Please go through the records below and return every line holding the word "ltij".

(Stored entries)
^^^^

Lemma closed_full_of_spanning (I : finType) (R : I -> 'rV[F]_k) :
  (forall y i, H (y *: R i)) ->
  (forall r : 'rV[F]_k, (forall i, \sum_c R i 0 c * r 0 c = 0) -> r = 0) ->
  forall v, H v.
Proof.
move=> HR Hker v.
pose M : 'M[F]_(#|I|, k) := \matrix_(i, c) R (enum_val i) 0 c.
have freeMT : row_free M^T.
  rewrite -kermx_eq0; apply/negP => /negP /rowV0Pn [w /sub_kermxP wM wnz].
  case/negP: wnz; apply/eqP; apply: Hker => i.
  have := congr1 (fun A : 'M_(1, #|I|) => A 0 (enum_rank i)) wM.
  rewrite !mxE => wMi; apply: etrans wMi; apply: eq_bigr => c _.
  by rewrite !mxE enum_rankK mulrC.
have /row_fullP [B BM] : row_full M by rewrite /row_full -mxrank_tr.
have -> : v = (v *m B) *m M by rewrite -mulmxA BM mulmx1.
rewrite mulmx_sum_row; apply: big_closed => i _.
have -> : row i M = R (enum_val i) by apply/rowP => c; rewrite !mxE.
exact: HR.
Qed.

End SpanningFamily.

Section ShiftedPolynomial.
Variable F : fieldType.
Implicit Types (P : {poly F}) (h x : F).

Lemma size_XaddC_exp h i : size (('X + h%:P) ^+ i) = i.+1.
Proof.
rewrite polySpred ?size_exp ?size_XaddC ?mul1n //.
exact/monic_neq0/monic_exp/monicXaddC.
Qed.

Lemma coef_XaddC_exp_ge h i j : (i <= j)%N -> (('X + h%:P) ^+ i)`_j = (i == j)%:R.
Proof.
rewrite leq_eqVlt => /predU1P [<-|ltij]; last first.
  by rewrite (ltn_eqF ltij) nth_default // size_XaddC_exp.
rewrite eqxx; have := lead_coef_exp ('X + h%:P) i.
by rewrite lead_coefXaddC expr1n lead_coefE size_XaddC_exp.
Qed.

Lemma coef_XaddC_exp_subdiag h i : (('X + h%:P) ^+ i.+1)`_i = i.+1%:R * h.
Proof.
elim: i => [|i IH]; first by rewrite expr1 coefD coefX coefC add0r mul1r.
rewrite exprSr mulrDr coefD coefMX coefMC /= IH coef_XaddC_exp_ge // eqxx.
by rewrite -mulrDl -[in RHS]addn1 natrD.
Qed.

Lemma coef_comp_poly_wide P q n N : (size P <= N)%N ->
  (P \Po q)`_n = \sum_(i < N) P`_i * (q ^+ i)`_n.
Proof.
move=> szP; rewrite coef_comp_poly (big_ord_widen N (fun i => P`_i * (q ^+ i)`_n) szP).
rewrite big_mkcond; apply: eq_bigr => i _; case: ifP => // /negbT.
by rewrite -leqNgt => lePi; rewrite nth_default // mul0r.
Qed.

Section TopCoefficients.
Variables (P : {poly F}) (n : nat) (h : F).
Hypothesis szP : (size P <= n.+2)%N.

^^^^

▶ [Solution to this task]:
rewrite leq_eqVlt => /predU1P [<-|ltij]; last first.
  by rewrite (ltn_eqF ltij) nth_default // size_XaddC_exp.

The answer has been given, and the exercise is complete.